-- Exercise data follows --
(* Write points as x = s psi + t psi^perp.  For a branch direction gam with
   a = psi . gam <> 0 and b = gam . psi^perp we have
   x + sigma gam = (s + sigma a) psi + (t + sigma b) psi^perp, so moving s by a delta and t by
   b delta only shifts sigma by delta in the divergent beam integral.  As the t-integral is
   translation invariant, R(X_gam h)(psi, s0 + a delta) = R(X_gam h)(psi, s0) minus the
   integral of h over the strip 0 <= sigma <= delta, and differentiating at delta = 0 gives
   d/ds R(X_gam h)(psi, s) = - Rh(psi, s) / (psi . gam).  Summing over the branches, the two
   components of d/ds R(Sf) are gamma(psi) . Rf and gamma(psi)^perp . Rf, and the matrix with
   rows gamma(psi), gamma(psi)^perp is invertible because gamma(psi) <> 0 off Z2. *)

From Stdlib Require Import Reals Lra Classical ClassicalEpsilon FunctionalExtensionality.
From Coquelicot Require Import Coquelicot.
Open Scope R_scope.

Lemma Rabs_sub_le_add (x y : R) : Rabs x - Rabs y <= Rabs (x + y).
Proof.
  pose proof (Rabs_triang_inv x (- y)) as H.
  rewrite Rabs_Ropp in H. now replace (x - - y) with (x + y) in H by ring.
Qed.

Lemma is_RInt_gen_eventually (f : R -> R) (Fa Fb : (R -> Prop) -> Prop)
    {FFa : Filter Fa} {FFb : Filter Fb} (Pa Pb : R -> Prop) (l : R) :
  Fa Pa -> Fb Pb -> (forall x y, Pa x -> Pb y -> is_RInt f x y l) ->
  is_RInt_gen f Fa Fb l.
Proof.
  intros HA HB H P HP.
  apply Filter_prod with Pa Pb; auto.
  intros x y Hx Hy. exists l. split; [now apply H |].
  now apply locally_singleton.
Qed.

Lemma ex_RInt_cont (f : R -> R) a b : (forall t, continuous f t) -> ex_RInt f a b.
Proof. intros Hc. apply (ex_RInt_continuous (V := R_CompleteNormedModule)); auto. Qed.

Lemma RInt_vanishing (f : R -> R) a b :
  (forall t, Rmin a b < t < Rmax a b -> f t = 0) -> RInt f a b = 0.
Proof.
  intros H. rewrite (RInt_ext f (fun _ => 0)) by exact H.
  rewrite RInt_const. unfold scal; simpl; unfold mult; simpl; ring.
Qed.

Section VanishingTails.
Variable f : R -> R.
Hypothesis Hc : forall t, continuous f t.

Lemma RInt_vanishing_r B x y :
  (forall t, B < t -> f t = 0) -> B <= y -> RInt f x y = RInt f x B.
Proof.
  intros Hz Hy.
  rewrite <- (RInt_Chasles f x B y) by apply ex_RInt_cont, Hc.
  rewrite (RInt_vanishing f B y).
  - change (RInt f x B + 0 = RInt f x B). ring.
  - intros t Ht. apply Hz. rewrite Rmin_left in Ht; lra.
Qed.

Lemma RInt_vanishing_l A x y :
  (forall t, t < A -> f t = 0) -> x <= A -> RInt f x y = RInt f A y.
Proof.
  intros Hz Hx.
  rewrite <- (RInt_Chasles f x A y) by apply ex_RInt_cont, Hc.
  rewrite (RInt_vanishing f x A).
  - change (0 + RInt f A y = RInt f A y). ring.
  - intros t Ht. apply Hz. rewrite Rmax_right in Ht; lra.
Qed.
-- Exercise data concluded --
▶ **Exercise goal**:
From the first line of the data above through the line containing "translation invariant, R(X_gam", repeat each line exactly, and add nothing.

▶ **Response below**:
(* Write points as x = s psi + t psi^perp.  For a branch direction gam with
   a = psi . gam <> 0 and b = gam . psi^perp we have
   x + sigma gam = (s + sigma a) psi + (t + sigma b) psi^perp, so moving s by a delta and t by
   b delta only shifts sigma by delta in the divergent beam integral.  As the t-integral is
   translation invariant, R(X_gam h)(psi, s0 + a delta) = R(X_gam h)(psi, s0) minus the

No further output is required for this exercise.